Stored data
##############################
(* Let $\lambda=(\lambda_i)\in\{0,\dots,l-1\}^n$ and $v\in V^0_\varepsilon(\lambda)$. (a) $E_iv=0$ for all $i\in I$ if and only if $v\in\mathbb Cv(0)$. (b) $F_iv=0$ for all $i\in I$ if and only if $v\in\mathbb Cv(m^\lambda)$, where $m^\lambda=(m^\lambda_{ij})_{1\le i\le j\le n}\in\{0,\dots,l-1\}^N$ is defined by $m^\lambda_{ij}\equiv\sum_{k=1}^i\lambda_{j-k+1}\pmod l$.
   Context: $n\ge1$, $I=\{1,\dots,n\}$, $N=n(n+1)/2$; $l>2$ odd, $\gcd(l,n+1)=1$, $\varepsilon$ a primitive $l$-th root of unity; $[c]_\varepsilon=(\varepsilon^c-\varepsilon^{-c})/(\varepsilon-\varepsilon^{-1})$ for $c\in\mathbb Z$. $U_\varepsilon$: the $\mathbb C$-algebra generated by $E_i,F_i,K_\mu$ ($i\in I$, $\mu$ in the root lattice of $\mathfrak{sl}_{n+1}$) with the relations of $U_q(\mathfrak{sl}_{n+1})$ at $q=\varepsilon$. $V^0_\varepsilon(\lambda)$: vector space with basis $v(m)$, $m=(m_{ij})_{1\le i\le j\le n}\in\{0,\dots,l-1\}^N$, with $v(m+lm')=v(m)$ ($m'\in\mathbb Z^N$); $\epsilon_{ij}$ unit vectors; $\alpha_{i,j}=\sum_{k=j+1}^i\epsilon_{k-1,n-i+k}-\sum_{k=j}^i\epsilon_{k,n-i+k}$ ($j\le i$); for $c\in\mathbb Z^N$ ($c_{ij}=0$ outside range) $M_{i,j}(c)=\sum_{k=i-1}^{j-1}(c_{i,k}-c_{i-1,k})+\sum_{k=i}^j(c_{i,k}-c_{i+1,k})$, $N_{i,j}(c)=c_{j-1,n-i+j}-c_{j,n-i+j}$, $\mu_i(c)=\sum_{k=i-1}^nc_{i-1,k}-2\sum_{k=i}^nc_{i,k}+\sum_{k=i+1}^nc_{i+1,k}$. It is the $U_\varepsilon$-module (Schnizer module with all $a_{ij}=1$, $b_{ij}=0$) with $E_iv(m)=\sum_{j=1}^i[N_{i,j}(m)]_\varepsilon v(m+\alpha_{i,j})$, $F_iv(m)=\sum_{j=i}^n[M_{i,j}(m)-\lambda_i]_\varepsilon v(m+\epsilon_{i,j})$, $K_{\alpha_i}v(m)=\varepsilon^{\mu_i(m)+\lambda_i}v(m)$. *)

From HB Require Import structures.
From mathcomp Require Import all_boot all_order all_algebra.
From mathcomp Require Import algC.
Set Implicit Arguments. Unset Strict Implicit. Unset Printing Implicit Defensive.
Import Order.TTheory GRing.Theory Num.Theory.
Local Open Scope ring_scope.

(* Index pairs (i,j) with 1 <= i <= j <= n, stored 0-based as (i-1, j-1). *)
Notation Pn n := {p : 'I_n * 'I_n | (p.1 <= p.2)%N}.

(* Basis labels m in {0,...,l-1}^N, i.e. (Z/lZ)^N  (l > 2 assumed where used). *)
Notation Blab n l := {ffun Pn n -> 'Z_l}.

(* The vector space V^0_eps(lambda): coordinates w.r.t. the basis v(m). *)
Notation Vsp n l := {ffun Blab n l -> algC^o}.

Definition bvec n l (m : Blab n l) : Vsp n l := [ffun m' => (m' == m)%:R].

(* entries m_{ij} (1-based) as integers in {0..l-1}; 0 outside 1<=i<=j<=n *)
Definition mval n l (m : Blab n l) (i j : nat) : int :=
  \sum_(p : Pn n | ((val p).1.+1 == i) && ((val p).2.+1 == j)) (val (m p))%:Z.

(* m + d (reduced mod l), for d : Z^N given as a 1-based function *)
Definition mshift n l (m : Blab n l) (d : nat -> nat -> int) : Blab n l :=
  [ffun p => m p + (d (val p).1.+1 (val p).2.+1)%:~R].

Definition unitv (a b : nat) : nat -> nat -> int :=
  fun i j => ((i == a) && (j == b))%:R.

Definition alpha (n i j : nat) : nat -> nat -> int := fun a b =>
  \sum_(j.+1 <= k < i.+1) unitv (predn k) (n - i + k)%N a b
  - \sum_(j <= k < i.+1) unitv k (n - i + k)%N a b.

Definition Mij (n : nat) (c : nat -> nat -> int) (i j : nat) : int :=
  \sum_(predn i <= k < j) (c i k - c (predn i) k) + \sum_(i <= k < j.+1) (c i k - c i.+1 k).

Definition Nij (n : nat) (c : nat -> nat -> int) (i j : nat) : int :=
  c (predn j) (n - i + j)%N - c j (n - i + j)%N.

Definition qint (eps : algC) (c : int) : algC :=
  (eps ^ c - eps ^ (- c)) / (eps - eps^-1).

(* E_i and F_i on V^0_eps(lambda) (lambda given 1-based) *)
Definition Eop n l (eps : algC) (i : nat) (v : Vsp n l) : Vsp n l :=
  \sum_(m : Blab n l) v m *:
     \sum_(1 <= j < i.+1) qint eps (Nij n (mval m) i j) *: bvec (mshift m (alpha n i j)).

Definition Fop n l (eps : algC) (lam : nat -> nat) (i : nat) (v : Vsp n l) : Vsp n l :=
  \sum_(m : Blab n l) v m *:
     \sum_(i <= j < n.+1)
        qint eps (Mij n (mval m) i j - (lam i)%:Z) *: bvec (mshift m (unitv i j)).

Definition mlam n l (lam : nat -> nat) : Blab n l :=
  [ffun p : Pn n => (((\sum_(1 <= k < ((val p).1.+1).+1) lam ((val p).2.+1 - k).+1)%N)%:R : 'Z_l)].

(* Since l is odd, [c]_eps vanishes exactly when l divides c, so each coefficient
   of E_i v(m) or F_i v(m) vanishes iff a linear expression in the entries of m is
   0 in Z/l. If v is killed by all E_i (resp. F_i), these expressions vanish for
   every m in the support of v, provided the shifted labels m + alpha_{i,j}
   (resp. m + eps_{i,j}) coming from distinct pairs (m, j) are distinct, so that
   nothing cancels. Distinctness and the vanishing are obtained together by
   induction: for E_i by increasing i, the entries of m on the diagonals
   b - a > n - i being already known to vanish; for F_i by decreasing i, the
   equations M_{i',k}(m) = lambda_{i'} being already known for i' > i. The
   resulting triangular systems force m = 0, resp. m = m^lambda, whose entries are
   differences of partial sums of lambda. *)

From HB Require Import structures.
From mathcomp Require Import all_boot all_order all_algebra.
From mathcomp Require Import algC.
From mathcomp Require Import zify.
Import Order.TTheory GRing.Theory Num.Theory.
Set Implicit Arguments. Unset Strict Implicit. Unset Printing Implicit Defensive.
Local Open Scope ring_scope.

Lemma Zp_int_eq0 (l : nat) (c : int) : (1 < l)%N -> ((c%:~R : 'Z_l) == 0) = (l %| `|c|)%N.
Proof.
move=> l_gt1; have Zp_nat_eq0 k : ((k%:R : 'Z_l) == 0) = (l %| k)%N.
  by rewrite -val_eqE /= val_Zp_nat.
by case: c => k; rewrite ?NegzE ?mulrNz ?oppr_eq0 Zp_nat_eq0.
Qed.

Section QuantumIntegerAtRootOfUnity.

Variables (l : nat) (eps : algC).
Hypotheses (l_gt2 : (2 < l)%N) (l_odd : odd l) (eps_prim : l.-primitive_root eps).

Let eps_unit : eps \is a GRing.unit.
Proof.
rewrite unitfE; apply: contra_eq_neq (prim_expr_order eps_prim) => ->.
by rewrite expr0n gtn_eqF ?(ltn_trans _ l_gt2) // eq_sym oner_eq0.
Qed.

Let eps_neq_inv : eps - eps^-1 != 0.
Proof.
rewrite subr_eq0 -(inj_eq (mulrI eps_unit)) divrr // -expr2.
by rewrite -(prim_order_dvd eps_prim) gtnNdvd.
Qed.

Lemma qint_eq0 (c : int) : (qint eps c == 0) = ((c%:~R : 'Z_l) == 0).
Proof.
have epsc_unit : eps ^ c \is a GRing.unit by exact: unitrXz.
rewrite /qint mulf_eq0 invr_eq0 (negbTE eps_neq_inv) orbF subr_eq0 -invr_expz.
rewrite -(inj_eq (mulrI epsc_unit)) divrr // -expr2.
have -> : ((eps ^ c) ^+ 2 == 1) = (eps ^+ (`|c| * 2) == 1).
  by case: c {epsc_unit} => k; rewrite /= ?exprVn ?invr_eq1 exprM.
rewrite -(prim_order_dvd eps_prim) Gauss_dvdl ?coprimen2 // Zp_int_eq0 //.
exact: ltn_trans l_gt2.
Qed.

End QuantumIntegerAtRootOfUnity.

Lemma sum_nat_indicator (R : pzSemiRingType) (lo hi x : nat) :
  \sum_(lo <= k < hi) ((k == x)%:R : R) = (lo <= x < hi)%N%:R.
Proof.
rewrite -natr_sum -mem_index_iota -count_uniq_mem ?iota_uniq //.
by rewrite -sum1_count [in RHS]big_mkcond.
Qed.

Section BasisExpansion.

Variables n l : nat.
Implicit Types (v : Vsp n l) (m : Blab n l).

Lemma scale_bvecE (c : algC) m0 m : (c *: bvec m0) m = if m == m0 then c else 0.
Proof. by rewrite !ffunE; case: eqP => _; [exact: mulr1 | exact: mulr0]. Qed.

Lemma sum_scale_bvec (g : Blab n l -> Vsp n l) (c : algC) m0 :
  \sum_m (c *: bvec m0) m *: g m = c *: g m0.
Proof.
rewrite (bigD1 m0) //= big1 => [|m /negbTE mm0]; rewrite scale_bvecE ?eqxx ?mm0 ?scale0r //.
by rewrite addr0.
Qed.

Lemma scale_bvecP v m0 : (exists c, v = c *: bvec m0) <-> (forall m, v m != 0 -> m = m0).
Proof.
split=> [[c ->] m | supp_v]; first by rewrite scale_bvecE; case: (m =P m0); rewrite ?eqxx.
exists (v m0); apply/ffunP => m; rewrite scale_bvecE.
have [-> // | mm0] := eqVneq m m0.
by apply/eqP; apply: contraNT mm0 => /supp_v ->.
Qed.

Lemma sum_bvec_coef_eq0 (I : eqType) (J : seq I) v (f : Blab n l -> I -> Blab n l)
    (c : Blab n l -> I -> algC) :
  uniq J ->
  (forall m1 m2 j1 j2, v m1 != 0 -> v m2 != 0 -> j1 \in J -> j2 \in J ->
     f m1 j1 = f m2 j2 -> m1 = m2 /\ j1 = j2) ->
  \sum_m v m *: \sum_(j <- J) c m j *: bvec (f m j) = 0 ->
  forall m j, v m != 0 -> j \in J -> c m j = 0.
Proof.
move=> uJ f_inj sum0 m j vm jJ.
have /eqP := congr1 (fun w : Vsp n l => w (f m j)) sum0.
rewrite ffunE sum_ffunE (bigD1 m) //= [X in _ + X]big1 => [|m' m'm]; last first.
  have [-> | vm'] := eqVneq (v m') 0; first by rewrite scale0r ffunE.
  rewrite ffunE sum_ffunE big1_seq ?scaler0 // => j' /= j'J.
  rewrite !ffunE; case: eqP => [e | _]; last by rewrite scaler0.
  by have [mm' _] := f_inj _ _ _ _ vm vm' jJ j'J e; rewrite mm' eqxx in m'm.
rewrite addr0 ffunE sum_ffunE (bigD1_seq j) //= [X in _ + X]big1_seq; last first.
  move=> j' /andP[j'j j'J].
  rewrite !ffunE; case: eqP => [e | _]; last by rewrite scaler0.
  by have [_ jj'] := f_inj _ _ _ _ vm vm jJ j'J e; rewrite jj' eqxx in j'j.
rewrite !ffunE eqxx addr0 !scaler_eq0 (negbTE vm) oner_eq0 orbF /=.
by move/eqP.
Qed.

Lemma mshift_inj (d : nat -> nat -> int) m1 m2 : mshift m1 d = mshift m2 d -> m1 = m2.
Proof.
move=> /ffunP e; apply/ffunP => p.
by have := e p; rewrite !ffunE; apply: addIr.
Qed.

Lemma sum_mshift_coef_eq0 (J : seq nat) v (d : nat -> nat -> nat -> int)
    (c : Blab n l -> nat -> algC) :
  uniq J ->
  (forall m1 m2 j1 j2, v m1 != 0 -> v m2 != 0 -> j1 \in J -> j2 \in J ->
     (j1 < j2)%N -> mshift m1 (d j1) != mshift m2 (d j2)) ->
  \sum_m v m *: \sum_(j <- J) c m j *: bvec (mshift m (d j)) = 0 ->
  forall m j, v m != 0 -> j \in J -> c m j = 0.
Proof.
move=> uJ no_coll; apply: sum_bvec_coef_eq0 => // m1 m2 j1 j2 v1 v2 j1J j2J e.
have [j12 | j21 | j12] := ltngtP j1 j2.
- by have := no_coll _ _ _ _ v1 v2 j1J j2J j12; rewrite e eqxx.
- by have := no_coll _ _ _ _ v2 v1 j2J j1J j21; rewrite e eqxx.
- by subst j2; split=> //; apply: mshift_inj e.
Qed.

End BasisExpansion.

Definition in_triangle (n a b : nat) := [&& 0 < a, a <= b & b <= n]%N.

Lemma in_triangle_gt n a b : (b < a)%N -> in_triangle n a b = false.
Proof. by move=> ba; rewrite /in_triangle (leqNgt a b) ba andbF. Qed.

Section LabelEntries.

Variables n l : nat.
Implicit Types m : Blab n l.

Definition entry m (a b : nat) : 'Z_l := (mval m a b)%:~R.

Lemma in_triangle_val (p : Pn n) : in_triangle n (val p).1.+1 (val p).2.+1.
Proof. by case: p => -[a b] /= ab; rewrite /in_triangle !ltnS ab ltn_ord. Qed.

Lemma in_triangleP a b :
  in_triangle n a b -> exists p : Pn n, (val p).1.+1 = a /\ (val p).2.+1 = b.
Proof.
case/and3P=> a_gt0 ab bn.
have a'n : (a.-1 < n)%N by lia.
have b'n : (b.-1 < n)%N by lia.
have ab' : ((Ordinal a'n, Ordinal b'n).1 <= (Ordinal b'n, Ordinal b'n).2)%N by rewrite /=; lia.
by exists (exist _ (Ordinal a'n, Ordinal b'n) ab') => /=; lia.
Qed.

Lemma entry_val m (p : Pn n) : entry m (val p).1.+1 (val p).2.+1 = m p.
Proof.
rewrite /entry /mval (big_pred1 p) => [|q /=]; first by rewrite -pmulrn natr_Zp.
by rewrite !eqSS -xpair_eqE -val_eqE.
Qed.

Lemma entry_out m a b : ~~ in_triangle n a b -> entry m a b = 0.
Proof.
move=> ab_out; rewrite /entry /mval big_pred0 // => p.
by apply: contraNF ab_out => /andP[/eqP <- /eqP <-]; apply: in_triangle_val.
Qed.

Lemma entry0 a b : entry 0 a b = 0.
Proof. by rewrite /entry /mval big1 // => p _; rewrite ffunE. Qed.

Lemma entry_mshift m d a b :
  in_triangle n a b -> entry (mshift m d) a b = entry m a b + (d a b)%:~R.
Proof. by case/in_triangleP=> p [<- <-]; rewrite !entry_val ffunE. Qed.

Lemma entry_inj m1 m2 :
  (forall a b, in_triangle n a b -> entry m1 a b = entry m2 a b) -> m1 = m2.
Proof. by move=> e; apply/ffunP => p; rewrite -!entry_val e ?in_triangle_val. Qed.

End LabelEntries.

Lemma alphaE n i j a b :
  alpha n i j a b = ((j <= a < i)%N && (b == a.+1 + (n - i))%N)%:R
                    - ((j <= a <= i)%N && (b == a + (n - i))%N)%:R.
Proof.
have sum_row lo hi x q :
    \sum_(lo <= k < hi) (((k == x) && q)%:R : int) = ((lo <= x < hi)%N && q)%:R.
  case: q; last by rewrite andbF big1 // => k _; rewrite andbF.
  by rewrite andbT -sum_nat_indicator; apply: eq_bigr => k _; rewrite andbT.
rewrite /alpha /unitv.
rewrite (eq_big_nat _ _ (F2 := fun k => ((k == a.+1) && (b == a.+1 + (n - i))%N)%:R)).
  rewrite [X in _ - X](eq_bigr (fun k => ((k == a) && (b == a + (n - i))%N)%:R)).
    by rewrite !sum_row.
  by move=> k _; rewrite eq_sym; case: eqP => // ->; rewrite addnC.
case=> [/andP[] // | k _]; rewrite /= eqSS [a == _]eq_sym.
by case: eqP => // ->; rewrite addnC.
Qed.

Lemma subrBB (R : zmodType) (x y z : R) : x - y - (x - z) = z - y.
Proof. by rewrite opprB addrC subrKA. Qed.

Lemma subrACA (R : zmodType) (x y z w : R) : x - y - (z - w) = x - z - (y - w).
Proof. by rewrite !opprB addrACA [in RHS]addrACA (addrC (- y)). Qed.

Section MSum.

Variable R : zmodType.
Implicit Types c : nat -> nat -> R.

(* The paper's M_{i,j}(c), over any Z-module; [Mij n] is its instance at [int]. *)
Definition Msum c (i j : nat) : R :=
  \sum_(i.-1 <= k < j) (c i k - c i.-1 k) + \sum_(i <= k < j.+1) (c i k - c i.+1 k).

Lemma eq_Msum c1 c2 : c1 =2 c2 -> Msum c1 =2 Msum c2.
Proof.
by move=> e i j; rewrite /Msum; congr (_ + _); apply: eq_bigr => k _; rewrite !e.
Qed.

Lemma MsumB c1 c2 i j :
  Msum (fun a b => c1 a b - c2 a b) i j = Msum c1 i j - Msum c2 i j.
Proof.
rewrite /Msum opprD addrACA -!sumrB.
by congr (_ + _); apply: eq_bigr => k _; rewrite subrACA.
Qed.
##############################
What you are asked to do — Every line of the entries that includes "qint" must be copied into the answer.

Result below —
Definition qint (eps : algC) (c : int) : algC :=
     \sum_(1 <= j < i.+1) qint eps (Nij n (mval m) i j) *: bvec (mshift m (alpha n i j)).
        qint eps (Mij n (mval m) i j - (lam i)%:Z) *: bvec (mshift m (unitv i j)).
Lemma qint_eq0 (c : int) : (qint eps c == 0) = ((c%:~R : 'Z_l) == 0).
rewrite /qint mulf_eq0 invr_eq0 (negbTE eps_neq_inv) orbF subr_eq0 -invr_expz.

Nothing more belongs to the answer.